One hundred days is too long for something called a “special operation.” As the Ukraine conflict drags on and becomes routine, the interest of the general public wanes. One might think that this works in Russian President Vladimir Putin’s favor, but the growing apathy is resulting in demobilization. What Putin needs from the masses is the exact opposite. Furthermore, as the conflict becomes increasingly routine, even his strongest supporters can’t shrug off the endless nightmare that has shattered their past and stolen their future. 

One thing we can say for sure is that however the conflict ends, Russians will still be outcasts, equated in Western public opinion to the Germans in 1945. With 14 million people pushed from their homes, a truly staggering number, Russians will continue to face isolation and condemnation. 

Public support for the “special operation” remains impressive: in the Levada Center’s May survey, the number of respondents who “definitely support” the “special operation” was a little under half, with the strongest support coming from the “55 plus” age group. Another 30 percent “rather support” it. 

However, some difficult internal moral work is under way in society: despite the increasing routineness of the conflict and the resulting decline in attention to it, Russians are beginning to think about their own responsibility for what is happening. This is something new: about a third of respondents believe that “people like them” are responsible “for the deaths of civilians and the destruction in Ukraine.” Over the course of a month, the number of respondents who are pausing to think has grown by 8 percentage points. These are the indicators that deserve attention more than the infamous “80 percent” cited by both those who consider all Russians moral degenerates and those who use sociology to justify the continued archaization of the political regime (including presidential press secretary Dmitry Peskov).

The nation is finding itself in a psychological crisis. In response, some Russians are fervently supporting the operation with patriotic zeal. Others are engaging in endless squabbles. Those who have left Russia blame those who have stayed behind for everything, even those who oppose the regime. Meanwhile, those who remain in Russia challenge their critics to return home and conduct civil and political resistance in the face of a brutal police dictatorship.     

The unthinkable has become routine. That includes absurd debates about “good” and “bad” Russians, and the persecution of dissidents. Russian human rights lawyer Pavel Chikov estimates that as of the end of May, 53 criminal cases have been launched into “fake news” about the Russian armed forces and 2,029 administrative cases involving the alleged maligning of the armed forces. The list of “foreign agents” is expanded, like clockwork, every Friday. And in a development that brings together all types of frustrations with the continuing catastrophe, the supporters of opposition leader Alexei Navalny recently called for sanctions against Alexei Venediktov, the former editor in chief of Echo of Moscow radio station who has been branded by the Kremlin as a “foreign agent.” In other words, groups on very different sides of the barricades are attacking the very same man for very different reasons.
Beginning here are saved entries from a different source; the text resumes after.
(* With the notation of the context, for every $\Gamma>0$ and all fixed frequencies, $$|B_\Gamma\cap S|\lesssim N_{\min}N_{\rm med};\qquad |B_\Gamma\cap S_k|,\ |B_\Gamma\cap S_{k_i}|\lesssim N_{\rm med}\ (i=1,2,3);\qquad |B_\Gamma\cap S_{kk_2}|,\ |B_\Gamma\cap S_{k_1k_3}|\lesssim N_{\rm med}.$$
   Context: Fix $\alpha\in(1,2)$, dyadic numbers $1\le N_1,N_2,N_3\le N$, a real number $m$ and a constant $C_0>0$. Let $S$ be the set of $(k,k_1,k_2,k_3)\in\mathbb Z^4$ with $k=k_1-k_2+k_3$, $k_2\notin\{k_1,k_3\}$, $\big||k_1|^\alpha-|k_2|^\alpha+|k_3|^\alpha-|k|^\alpha-m\big|\le C_0$, $|k|\le N$ and $|k_j|\le N_j$ for $j=1,2,3$. When some variables are fixed, $S$ with those variables as subscripts denotes the set of remaining variables for which the quadruple lies in $S$ (e.g. $S_{kk_2}=\{(k_1,k_3):(k,k_1,k_2,k_3)\in S\}$); intersections $B_\Gamma\cap S_{\cdots}$ are understood in the same sliced sense. $N_{\max}\ge N_{\rm med}\ge N_{\min}$ denote the decreasing rearrangement of $N_1,N_2,N_3$; fix an index $j_*$ with $N_{j_*}=N_{\max}$ and write $k_{\max}=k_{j_*}$. For $\Gamma>0$, $B_\Gamma=\{(k,k_1,k_2,k_3)\in S:|k_{\max}|\le\Gamma<|k|\}$. $|A|$ is cardinality. $A\lesssim B$ means $A\le CB$ with $C$ depending only on $\alpha$ and $C_0$. *)

From Stdlib Require Export Reals ZArith List.
Export ListNotations.
Open Scope R_scope.

(* |x|^alpha with the convention 0^alpha = 0 (alpha > 0). *)
Definition apow (alpha x : R) : R :=
  if Req_EM_T x 0 then 0 else Rpower (Rabs x) alpha.

(* |A| <= b : every duplicate-free finite list of elements of A has length <= b. *)
Definition card_le {T : Type} (A : T -> Prop) (b : R) : Prop :=
  forall l : list T, NoDup l -> (forall x, In x l -> A x) -> INR (length l) <= b.

Definition dyadic (n : Z) : Prop := exists j : nat, n = (2 ^ Z.of_nat j)%Z.

Definition Nmax3 (a b c : Z) : Z := Z.max (Z.max a b) c.
Definition Nmin3 (a b c : Z) : Z := Z.min (Z.min a b) c.
Definition Nmed3 (a b c : Z) : Z := (a + b + c - Nmax3 a b c - Nmin3 a b c)%Z.
(* Let $(X,b,m)$ be a connected weighted graph satisfying conditions (B) and (M), and let $D\subset X$ be non-empty. Then there exists a Voronoi decomposition of $X$ with centers from $D$. Moreover, whenever $R=\mathrm{Covr}(D)$ is finite, every Voronoi decomposition $(V_p)_{p\in D}$ of $X$ with centers from $D$ satisfies $V_p\subset B_R(p)$ for all $p\in D$.
   Context: A weighted graph $(X,b,m)$: $X$ countable, $b:X\times X\to[0,\infty)$ symmetric with $b(x,x)=0$ and $\sum_y b(x,y)<\infty$, $m:X\to(0,\infty)$. Condition (B): $\sup_x\frac{1}{m(x)}\sum_y b(x,y)<\infty$. Condition (M): $\sup_x m(x)<\infty$. A path from $x_0$ to $x_k$ is $\gamma=(x_0,\dots,x_k)$ with $b(x_j,x_{j+1})>0$, of length $L(\gamma)=\sum_{j=0}^{k-1}1/b(x_j,x_{j+1})$ (trivial paths have length $0$); it lies in a set $V$ if all $x_j\in V$. Connected means any two points are joined by a path; $d(x,y)$ is the infimum of lengths of paths from $x$ to $y$; $B_r(x):=\{y:d(x,y)\le r\}$. $\mathrm{Covr}(D):=\inf\{R>0:\bigcup_{p\in D}B_R(p)=X\}\in[0,\infty]$. A Voronoi decomposition of $X$ with centers from $D$ is a pairwise disjoint family $(V_p)_{p\in D}$ of subsets of $X$ such that: (V1) for each $p\in D$, $p\in V_p$, and for every $x\in V_p$ there is a path from $p$ to $x$ lying in $V_p$ with length $d(p,x)$; (V2) for each $p\in D$ and $x\in V_p$, $d(p,x)\le d(q,x)$ for all $q\in D$; (V3) $\bigcup_{p\in D}V_p=X$. *)

From HB Require Import structures.
From mathcomp Require Import all_boot all_order all_algebra.
From mathcomp Require Import all_classical all_reals.
From mathcomp Require Import ereal esum.
Set Implicit Arguments. Unset Strict Implicit. Unset Printing Implicit Defensive.
Import Order.TTheory GRing.Theory Num.Theory.
Local Open Scope classical_set_scope.
Local Open Scope ring_scope.

Section WeightedGraphs.
Variables (R : realType) (X : countType).
Implicit Types (b : X -> X -> R) (m : X -> R).

Definition weighted_graph b m : Prop :=
  [/\ (forall x y, 0 <= b x y),
      (forall x y, b x y = b y x),
      (forall x, b x x = 0),
      (forall x, (\esum_(y in [set: X]) (b x y)%:E < +oo)%E) &
      (forall x, 0 < m x)].

Definition cond_B b m : Prop :=
  exists C : R, forall x,
    (((m x)^-1)%:E * (\esum_(y in [set: X]) (b x y)%:E) <= C%:E)%E.

Definition cond_M m : Prop := exists C : R, forall x, m x <= C.

(* A path from x to y: the vertex sequence x :: s, with b > 0 between
   consecutive vertices, ending at y (s = [::] is the trivial path, x = y). *)
Definition is_path b (x : X) (s : seq X) (y : X) : Prop :=
  path (fun u v => 0 < b u v) x s /\ last x s = y.

Definition plen b (x : X) (s : seq X) : R :=
  \sum_(e <- zip (x :: s) s) (b e.1 e.2)^-1.

Definition path_in (x : X) (s : seq X) (V : set X) : Prop :=
  forall z, z \in x :: s -> V z.

Definition connected_graph b : Prop :=
  forall x y, exists s, is_path b x s y.

Definition gdist b (x y : X) : R :=
  inf [set plen b x s | s in [set s | is_path b x s y]].

Definition gball b (x : X) (r : R) : set X := [set y | gdist b x y <= r].

Definition Covr b (D : set X) : \bar R :=
  ereal_inf [set r%:E | r in [set r : R | 0 < r /\
                 \bigcup_(p in D) gball b p r = [set: X]]].

Definition voronoi b (D : set X) (V : X -> set X) : Prop :=
  [/\ (forall p q, D p -> D q -> p <> q -> V p `&` V q = set0),
      (forall p, D p -> V p p /\
         forall x, V p x -> exists s, [/\ is_path b p s x, path_in p s (V p)
                                     & plen b p s = gdist b p x]),
      (forall p, D p -> forall x, V p x -> forall q, D q -> gdist b p x <= gdist b q x) &
      \bigcup_(p in D) V p = [set: X]].

End WeightedGraphs.

(* Under (B) and (M) the weights are bounded, b <= K, and since
   sum_y b(x,y) < oo every vertex has only finitely many neighbours y with
   b(x,y) >= 1/L.  A path of length <= L has at most L K edges, each of
   weight >= 1/L, so only finitely many such paths end at a given vertex:
   the infimum defining the distance from any set of starting points is a
   minimum.  In particular geodesics exist, d is a metric, and every vertex x
   has nearest centers; let c(x) be the one with least code in the countable
   type X and V_p := c^-1(p).  If c(x) = p and z lies on a geodesic from p
   to x, then p is a nearest center of z and every nearest center of z is one
   of x, so the consistent tie-break forces c(z) = p: geodesics from p to V_p
   stay in V_p. *)

From HB Require Import structures.
From mathcomp Require Import all_boot all_order all_algebra.
From mathcomp Require Import all_classical all_reals.
From mathcomp Require Import finmap ereal esum lra.
Import Order.TTheory GRing.Theory Num.Theory.
Local Open Scope classical_set_scope.
Local Open Scope ring_scope.
Set Implicit Arguments. Unset Strict Implicit.

Lemma exists_argmin_seq (R : realDomainType) (T : choiceType) (l : seq T)
    (P : T -> Prop) (f : T -> R) : (exists2 a, a \in l & P a) ->
  exists a, [/\ a \in l, P a & forall c, c \in l -> P c -> f a <= f c].
Proof.
move=> [a0 a0l Pa0].
case: (@arg_minP _ _ (seq_sub l) (SeqSub a0l)
  (fun i : seq_sub l => `[< P (val i) >]) (f \o val)).
  exact/asboolP.
move=> i /asboolP Pi imin; exists (val i); split => //; first exact: valP.
by move=> c cl Pc; apply: (imin (SeqSub cl)); apply/asboolP.
Qed.

Lemma size_mul_le_sum (R : numDomainType) (T : eqType) (s : seq T)
    (f : T -> R) e :
  (forall y, y \in s -> e <= f y) -> (size s)%:R * e <= \sum_(y <- s) f y.
Proof.
move=> hf.
have -> : (size s)%:R * e = \sum_(y <- s) e.
  by rewrite big_const_seq count_predT iter_addr addr0 mulr_natl.
by rewrite !big_seq; apply: ler_sum.
Qed.

Lemma exists_pickle_min (T : countType) (P : T -> Prop) : (exists x, P x) ->
  exists x, P x /\ forall y, P y -> (choice.pickle x <= choice.pickle y)%N.
Proof.
move=> [x0 Px0].
have ex : exists n, `[< exists x, P x /\ choice.pickle x = n >].
  by exists (choice.pickle x0); apply/asboolP; exists x0.
have [n /asboolP[x [Px <-]] nmin] := find_ex_minn ex.
by exists x; split => // y Py; apply: nmin; apply/asboolP; exists y.
Qed.

Section PathLength.
Variables (R : realType) (X : countType) (b : X -> X -> R).

Lemma plen_nil x : plen b x [::] = 0.
Proof. by rewrite /plen big_nil. Qed.

Lemma plen_cons x y s : plen b x (y :: s) = (b x y)^-1 + plen b y s.
Proof. by rewrite /plen /= big_cons. Qed.

Lemma plen_cat x s1 s2 :
  plen b x (s1 ++ s2) = plen b x s1 + plen b (last x s1) s2.
Proof.
elim: s1 x => [|y s IH] x /=; first by rewrite plen_nil add0r.
by rewrite !plen_cons IH addrA.
Qed.

Lemma plen_ge0 x s : path (fun u v => 0 < b u v) x s -> 0 <= plen b x s.
Proof.
elim: s x => [|y s IH] x /=; first by rewrite plen_nil.
by case/andP=> bxy ys; rewrite plen_cons addr_ge0 ?IH // invr_ge0 ltW.
Qed.

Lemma plen_gt0 x y s : path (fun u v => 0 < b u v) x (y :: s) ->
  0 < plen b x (y :: s).
Proof.
by case/andP=> bxy ys; rewrite plen_cons ltr_wpDr ?plen_ge0 // invr_gt0.
Qed.

Lemma is_path_cat x s1 y s2 z :
  is_path b x s1 y -> is_path b y s2 z -> is_path b x (s1 ++ s2) z.
Proof.
move=> [p1 l1] [p2 l2]; split; first by rewrite cat_path p1 l1.
by rewrite last_cat l1.
Qed.

Lemma is_path_split x s y z : is_path b x s y -> z \in x :: s ->
  exists s1 s2, [/\ is_path b x s1 z, is_path b z s2 y
                  & plen b x s = plen b x s1 + plen b z s2].
Proof.
move=> [xs sy]; rewrite in_cons => /orP[/eqP->|zs].
  by exists [::], s; rewrite plen_nil add0r.
case/path.splitP: zs xs sy => s1 s2.
rewrite cat_path last_cat !last_rcons => /andP[xs1 zs2] s2y.
exists (rcons s1 z), s2; split => //; last by rewrite plen_cat last_rcons.
by split; rewrite ?last_rcons.
Qed.

Lemma size_le_plen_mul K x s : (forall u v, b u v <= K) ->
  path (fun u v => 0 < b u v) x s -> (size s)%:R <= plen b x s * K.
Proof.
move=> bK; elim: s x => [|y s IH] x /=; first by rewrite plen_nil mul0r.
case/andP=> bxy ys; rewrite plen_cons mulrDl -addn1 natrD addrC.
apply: lerD; last exact: IH.
by rewrite -ler_pdivrMl ?invr_gt0 // invrK mulr1.
Qed.

Lemma path_heavy_of_plen_le L x s : 0 < L ->
  path (fun u v => 0 < b u v) x s -> plen b x s <= L ->
  path (fun u v => L^-1 <= b u v) x s.
Proof.
move=> L0; elim: s x => [|y s IH] x //=.
case/andP=> bxy ys; rewrite plen_cons => hle.
have ys0 := plen_ge0 ys.
rewrite IH // ?andbT; last by apply: le_trans hle; rewrite lerDr invr_ge0 ltW.
rewrite -(invrK (b x y)) lef_pV2 ?posrE ?invr_gt0 //.
by apply: le_trans hle; rewrite lerDl.
Qed.

Lemma gdist_le_plen x s y : is_path b x s y -> gdist b x y <= plen b x s.
Proof.
move=> xsy; apply: ge_inf; last by exists s.
by exists 0 => _ [t xty <-]; exact: plen_ge0 xty.1.
Qed.

Lemma le_gdist x y c : (exists s, is_path b x s y) ->
  (forall s, is_path b x s y -> c <= plen b x s) -> c <= gdist b x y.
Proof.
move=> [s xsy] hc; apply: lb_le_inf; first by exists (plen b x s), s.
by move=> _ [t xty <-]; exact: hc.
Qed.

End PathLength.

Section WeightBounds.
Variables (R : realType) (X : countType) (b : X -> X -> R).

Lemma edge_weight_bounded m : weighted_graph b m -> cond_B b m -> cond_M m ->
  exists2 K, 0 < K & forall x y, b x y <= K.
Proof.
move=> [b0 _ _ _ m0] [C HC] [C' HC'].
exists (`|C| * `|C'| + 1); first by rewrite ltr_wpDl ?mulr_ge0.
move=> x y.
have bxy_le_sum : ((b x y)%:E <= \esum_(z in [set: X]) (b x z)%:E)%E.
  by apply: esum_ge; exists [set y]; [split|rewrite fsbig_set1].
have : (((m x)^-1 * b x y)%:E <= C%:E)%E.
  apply: le_trans (HC x).
  by rewrite EFinM lee_pmul // lee_fin ?b0 ?invr_ge0 // ltW.
rewrite lee_fin mulrC ler_pdivrMr // => bxy_le_Cm.
have := m0 x; have := HC' x; have := ler_norm C; have := ler_norm C'.
have := b0 x y; have := normr_ge0 C.
nra.
Qed.

Hypothesis b0 : forall x y, 0 <= b x y.

Lemma finite_heavy_neighbours x e : 0 < e ->
  (\esum_(y in [set: X]) (b x y)%:E < +oo)%E -> finite_set [set y | e <= b x y].
Proof.
move=> e0 sum_fin; apply: contrapT => /infinite_set_fset heavy.
set S := (\esum_(y in [set: X]) (b x y)%:E)%E in sum_fin.
have S0 : (0 <= S)%E by apply: esum_ge0 => y _; rewrite lee_fin.
have SE : S = (fine S)%:E by rewrite fineK // ge0_fin_numE.
pose n := (Num.truncn (fine S / e)).+1.
have [B Bheavy Bn] := heavy n.
suff : ((n%:R * e)%:E <= S)%E.
  by rewrite SE lee_fin -ler_pdivlMr // leNgt truncnS_gt.
apply: esum_ge; exists [set` B]; first by split.
rewrite fsbig_finite // set_fsetK sumEFin lee_fin.
apply: le_trans (size_mul_le_sum Bheavy).
by rewrite ler_wpM2r ?ler_nat // ltW.
Qed.

End WeightBounds.

(* [(q, s)] stands for the path [q :: s]; paths are grown backwards from [x]
   by prepending a neighbour of their first vertex. *)
Fixpoint paths_to (X : Type) (nbrs : X -> seq X) (n : nat) (x : X) :
    seq (X * seq X) :=
  if n is n'.+1 then
    (x, [::]) :: [seq (q, t.1 :: t.2) | t <- paths_to nbrs n' x, q <- nbrs t.1]
  else [:: (x, [::])].

Section ShortestPaths.
Variables (R : realType) (X : countType) (b : X -> X -> R).
Hypothesis b0 : forall x y, 0 <= b x y.
Hypothesis bC : forall x y, b x y = b y x.
Hypothesis sum_fin : forall x, (\esum_(y in [set: X]) (b x y)%:E < +oo)%E.
Variable K : R.
Hypothesis K0 : 0 < K.
Hypothesis bK : forall x y, b x y <= K.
Ordinary citizens are doing whatever they can to distract themselves from the situation. Consider trends in the book market: Russians are no longer reading business and self-help books. Instead, sales of fiction are growing, particularly escapes from reality such as romance novels, science fiction, and fantasy. Several years ago Russians were buying Karl Marx’s Das Kapital and Thomas Piketty’s Capital in the Twenty-First Century. Today, sales of George Orwell’s 1984 are up. 

The hot new production on Moscow’s theater scene is Cabaret, a musical drama directed by Yevgeny Pisarev. The setting is the same as that in Bob Fosse’s classic 1972 film version: a Germany descending into the Nazism that Putin and his spin doctors frequently claim is happening right next door. However, the allusions are obvious to everyone, particularly those in the lines of the actor playing the Master of Ceremonies. But it’s clear in this production that the actors are not talking about mythical Banderites but rather about things that are brewing on the eastern side of the Russia-Ukraine border. 

“The departing year was not easy,” says the Master of Ceremonies. “But a new year is starting, 1931. Germany is rising up from its knees to a new position that we are promised will bring us happiness and prosperity.”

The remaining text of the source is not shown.